- [What is being asked] List each line of the data that holds the string "rowP".

- [Stored items]
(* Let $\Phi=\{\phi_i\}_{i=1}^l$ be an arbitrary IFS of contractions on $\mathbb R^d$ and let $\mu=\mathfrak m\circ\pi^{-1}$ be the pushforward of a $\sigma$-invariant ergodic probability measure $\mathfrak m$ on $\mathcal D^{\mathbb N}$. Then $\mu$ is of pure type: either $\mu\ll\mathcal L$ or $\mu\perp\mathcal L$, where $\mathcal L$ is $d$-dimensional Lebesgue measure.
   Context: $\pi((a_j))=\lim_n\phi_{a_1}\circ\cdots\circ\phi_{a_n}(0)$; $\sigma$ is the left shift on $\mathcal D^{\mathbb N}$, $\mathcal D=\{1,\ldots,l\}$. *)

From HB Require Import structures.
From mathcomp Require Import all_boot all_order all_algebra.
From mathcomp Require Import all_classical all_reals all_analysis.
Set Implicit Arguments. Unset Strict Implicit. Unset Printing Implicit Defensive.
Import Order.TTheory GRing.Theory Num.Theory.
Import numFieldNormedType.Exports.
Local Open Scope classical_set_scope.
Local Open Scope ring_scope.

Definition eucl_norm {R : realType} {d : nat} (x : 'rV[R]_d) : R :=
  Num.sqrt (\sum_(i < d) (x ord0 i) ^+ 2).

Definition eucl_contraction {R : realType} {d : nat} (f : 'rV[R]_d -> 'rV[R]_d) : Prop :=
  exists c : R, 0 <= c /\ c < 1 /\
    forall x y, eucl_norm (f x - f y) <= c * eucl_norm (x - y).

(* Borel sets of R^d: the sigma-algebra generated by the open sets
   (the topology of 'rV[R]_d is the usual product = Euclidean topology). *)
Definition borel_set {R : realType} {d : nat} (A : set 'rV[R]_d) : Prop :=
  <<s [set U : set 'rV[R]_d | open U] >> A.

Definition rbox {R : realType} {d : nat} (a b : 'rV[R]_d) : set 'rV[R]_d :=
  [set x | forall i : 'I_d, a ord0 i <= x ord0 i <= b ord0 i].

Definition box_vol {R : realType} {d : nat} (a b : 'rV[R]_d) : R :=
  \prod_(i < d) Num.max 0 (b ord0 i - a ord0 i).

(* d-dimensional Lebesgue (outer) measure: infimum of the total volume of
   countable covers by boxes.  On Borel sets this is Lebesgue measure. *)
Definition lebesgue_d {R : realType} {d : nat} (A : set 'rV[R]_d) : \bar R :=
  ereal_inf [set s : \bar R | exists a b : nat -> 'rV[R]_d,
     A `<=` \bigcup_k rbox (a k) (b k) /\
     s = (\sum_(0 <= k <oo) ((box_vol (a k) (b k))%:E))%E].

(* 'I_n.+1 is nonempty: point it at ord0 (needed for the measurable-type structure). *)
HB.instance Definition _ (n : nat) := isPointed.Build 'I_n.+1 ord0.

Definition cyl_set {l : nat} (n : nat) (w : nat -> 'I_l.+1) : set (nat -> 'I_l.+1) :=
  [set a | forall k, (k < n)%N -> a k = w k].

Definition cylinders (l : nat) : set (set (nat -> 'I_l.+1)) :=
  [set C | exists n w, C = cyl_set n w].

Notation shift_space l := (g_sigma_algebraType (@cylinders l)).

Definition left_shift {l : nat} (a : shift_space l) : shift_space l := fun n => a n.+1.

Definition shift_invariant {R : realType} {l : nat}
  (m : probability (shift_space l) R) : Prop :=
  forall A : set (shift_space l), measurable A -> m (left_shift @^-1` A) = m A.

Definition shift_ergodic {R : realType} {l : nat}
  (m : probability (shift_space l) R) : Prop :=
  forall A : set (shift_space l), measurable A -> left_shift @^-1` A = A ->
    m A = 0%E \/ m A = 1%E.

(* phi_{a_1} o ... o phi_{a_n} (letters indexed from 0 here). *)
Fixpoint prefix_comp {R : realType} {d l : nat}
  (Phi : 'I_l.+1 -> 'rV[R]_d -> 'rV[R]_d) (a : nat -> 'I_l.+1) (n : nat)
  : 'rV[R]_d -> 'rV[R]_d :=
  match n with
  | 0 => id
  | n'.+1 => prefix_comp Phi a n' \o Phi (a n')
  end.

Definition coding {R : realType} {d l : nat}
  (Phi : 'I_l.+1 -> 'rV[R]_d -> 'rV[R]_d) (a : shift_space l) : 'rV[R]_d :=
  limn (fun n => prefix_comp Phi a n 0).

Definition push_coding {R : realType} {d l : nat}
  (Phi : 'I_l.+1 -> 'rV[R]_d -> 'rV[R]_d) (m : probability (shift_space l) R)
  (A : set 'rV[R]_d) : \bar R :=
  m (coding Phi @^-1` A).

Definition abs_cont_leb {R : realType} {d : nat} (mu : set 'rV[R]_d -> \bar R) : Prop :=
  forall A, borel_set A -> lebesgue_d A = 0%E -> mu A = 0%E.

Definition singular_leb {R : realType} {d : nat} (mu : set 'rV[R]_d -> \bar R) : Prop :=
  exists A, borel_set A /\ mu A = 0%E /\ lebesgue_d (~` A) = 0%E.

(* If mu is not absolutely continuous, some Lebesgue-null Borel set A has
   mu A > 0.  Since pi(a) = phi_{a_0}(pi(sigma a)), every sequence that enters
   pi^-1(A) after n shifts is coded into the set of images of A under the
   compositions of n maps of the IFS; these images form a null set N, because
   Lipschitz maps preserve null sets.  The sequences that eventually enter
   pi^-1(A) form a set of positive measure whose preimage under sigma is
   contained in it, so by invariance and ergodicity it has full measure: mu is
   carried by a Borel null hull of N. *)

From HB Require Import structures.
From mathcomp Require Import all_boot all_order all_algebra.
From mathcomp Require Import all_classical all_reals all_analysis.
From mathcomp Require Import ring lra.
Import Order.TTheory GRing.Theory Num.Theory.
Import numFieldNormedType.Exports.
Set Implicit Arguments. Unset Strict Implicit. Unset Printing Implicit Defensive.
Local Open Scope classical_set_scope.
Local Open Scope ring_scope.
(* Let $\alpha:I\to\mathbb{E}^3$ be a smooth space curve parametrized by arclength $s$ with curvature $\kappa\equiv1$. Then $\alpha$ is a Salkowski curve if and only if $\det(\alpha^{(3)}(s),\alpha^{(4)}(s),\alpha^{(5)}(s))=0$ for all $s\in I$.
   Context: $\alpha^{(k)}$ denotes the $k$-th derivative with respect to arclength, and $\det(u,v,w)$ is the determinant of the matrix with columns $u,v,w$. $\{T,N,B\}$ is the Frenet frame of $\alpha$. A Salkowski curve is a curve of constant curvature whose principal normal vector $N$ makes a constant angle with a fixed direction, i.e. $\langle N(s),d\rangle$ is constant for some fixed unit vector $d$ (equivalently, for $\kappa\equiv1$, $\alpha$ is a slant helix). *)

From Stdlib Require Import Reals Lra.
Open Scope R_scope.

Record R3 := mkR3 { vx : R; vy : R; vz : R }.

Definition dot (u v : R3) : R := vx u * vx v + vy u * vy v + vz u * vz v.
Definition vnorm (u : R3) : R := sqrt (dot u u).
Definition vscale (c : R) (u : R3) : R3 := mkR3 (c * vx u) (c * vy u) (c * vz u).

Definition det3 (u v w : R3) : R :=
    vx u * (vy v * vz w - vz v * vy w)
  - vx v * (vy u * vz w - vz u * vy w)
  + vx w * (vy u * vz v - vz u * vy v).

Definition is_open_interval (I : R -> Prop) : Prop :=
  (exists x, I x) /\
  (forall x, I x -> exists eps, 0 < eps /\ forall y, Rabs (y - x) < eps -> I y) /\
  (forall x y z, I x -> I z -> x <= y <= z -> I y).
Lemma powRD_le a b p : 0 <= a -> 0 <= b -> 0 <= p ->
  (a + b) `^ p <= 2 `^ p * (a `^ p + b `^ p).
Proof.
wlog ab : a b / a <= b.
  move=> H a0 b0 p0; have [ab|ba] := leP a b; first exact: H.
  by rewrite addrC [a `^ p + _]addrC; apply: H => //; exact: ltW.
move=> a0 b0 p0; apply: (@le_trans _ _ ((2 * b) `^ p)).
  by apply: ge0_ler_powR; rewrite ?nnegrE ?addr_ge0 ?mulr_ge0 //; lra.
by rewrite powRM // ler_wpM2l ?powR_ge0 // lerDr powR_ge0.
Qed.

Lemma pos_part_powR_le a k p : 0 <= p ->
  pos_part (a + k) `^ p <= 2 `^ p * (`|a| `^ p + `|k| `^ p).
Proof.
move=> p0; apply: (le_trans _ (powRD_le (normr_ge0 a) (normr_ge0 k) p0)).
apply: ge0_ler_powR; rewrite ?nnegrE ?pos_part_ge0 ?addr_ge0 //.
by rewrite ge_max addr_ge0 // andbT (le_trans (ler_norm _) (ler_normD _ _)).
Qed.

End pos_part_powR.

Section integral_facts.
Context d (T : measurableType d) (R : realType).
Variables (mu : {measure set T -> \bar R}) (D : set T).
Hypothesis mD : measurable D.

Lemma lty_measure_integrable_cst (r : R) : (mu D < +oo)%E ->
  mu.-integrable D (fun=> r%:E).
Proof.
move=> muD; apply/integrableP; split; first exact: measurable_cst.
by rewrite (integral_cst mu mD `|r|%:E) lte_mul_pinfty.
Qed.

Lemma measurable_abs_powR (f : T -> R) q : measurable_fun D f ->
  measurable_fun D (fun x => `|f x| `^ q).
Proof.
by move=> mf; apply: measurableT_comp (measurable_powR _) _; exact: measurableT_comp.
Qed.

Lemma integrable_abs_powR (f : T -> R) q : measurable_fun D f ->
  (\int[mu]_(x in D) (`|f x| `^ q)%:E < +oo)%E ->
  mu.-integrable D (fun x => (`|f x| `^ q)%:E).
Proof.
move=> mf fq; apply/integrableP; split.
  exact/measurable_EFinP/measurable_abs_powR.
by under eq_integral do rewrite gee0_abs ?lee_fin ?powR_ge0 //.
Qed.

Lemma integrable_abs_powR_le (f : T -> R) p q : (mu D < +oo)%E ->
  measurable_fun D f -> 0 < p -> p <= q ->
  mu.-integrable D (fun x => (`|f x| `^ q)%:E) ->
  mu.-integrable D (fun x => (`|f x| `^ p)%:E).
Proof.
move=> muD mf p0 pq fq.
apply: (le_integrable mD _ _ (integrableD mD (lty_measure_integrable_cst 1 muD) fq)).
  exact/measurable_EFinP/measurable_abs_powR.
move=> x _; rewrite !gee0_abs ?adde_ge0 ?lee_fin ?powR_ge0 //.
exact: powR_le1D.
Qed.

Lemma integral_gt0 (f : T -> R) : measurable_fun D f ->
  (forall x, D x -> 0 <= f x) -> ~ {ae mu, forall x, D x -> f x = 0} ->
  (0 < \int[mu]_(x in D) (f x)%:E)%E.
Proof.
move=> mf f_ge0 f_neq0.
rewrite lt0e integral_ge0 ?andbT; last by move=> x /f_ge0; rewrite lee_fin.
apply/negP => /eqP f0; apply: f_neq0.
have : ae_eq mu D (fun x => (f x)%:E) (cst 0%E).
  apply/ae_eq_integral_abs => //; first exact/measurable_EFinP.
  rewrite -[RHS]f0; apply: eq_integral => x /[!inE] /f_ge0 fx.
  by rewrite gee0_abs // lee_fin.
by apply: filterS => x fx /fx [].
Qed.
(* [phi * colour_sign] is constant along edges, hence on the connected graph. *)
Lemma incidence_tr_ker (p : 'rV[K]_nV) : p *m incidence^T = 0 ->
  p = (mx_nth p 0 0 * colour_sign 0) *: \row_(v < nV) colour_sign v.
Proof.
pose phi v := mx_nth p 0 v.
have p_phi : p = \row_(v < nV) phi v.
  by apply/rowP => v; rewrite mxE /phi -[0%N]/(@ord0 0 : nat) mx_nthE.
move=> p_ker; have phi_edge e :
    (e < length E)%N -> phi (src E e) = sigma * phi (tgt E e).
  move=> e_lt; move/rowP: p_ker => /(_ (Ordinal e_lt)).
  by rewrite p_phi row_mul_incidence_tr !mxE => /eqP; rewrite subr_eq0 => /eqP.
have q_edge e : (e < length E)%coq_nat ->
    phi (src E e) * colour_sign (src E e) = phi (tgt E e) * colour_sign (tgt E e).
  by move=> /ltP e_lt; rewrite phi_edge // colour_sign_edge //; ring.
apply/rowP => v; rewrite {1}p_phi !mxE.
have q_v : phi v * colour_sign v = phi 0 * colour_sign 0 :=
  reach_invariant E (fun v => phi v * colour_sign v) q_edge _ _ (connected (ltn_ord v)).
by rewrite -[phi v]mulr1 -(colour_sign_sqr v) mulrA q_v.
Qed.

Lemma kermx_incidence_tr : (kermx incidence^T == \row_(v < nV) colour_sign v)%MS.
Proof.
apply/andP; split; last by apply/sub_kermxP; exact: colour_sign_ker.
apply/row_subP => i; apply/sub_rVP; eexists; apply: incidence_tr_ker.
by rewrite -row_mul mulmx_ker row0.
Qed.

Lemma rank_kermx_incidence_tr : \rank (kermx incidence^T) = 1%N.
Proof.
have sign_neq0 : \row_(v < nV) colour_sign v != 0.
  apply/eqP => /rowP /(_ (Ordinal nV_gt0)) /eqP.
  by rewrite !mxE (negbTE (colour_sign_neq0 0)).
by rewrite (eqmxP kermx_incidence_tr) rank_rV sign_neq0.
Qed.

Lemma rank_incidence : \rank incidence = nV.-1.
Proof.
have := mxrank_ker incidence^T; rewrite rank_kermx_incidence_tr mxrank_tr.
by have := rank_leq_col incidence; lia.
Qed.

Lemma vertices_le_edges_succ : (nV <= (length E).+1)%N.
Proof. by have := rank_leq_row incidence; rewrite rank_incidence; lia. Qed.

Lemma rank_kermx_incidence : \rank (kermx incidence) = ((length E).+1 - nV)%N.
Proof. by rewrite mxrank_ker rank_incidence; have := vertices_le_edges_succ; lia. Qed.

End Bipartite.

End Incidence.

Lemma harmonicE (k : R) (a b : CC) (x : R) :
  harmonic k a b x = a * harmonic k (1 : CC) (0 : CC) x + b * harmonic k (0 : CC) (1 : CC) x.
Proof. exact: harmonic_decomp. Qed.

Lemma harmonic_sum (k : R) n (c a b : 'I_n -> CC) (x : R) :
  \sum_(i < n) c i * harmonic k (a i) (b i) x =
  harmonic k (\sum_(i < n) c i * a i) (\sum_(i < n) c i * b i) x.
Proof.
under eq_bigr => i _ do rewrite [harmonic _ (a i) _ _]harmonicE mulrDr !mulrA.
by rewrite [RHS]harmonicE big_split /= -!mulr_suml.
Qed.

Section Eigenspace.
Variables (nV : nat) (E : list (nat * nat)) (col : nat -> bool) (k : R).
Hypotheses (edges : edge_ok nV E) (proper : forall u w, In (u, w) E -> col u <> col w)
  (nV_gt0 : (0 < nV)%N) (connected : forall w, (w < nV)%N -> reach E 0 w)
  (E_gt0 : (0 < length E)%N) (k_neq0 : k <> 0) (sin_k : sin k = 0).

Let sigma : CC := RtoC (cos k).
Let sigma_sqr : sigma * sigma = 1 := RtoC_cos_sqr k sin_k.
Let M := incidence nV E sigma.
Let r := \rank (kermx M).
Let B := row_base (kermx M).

- [Answer section]
  by apply/rowP => v; rewrite mxE /phi -[0%N]/(@ord0 0 : nat) mx_nthE.
  move=> e_lt; move/rowP: p_ker => /(_ (Ordinal e_lt)).
apply/rowP => v; rewrite {1}p_phi !mxE.
  apply/eqP => /rowP /(_ (Ordinal nV_gt0)) /eqP.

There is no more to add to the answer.